▶ [Task to complete]
What lines below include the string "fine"? Pick them out and copy them.

[Saved data entries]
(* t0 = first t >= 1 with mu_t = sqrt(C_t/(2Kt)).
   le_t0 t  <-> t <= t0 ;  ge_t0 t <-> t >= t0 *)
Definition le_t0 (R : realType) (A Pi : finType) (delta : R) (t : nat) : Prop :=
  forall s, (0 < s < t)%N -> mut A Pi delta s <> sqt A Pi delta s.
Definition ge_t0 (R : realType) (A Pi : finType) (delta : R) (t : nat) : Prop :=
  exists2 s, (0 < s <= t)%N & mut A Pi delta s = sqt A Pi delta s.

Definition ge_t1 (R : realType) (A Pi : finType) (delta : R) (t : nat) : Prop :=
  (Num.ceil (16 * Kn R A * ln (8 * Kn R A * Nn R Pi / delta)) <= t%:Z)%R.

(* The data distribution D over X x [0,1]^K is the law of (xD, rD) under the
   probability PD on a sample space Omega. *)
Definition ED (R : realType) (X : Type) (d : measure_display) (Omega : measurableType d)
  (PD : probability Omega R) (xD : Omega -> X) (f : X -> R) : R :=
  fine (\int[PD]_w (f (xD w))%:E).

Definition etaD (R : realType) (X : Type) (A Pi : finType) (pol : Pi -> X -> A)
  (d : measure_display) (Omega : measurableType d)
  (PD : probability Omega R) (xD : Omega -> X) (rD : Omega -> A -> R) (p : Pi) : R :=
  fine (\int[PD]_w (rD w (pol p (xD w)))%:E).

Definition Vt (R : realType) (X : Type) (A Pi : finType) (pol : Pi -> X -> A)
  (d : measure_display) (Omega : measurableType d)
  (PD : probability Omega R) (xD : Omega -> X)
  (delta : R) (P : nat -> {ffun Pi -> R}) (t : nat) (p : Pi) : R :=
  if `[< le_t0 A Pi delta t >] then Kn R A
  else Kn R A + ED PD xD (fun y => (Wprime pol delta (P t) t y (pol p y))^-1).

▶ [Answer for this exercise]
  fine (\int[PD]_w (f (xD w))%:E).
  fine (\int[PD]_w (rD w (pol p (xD w)))%:E).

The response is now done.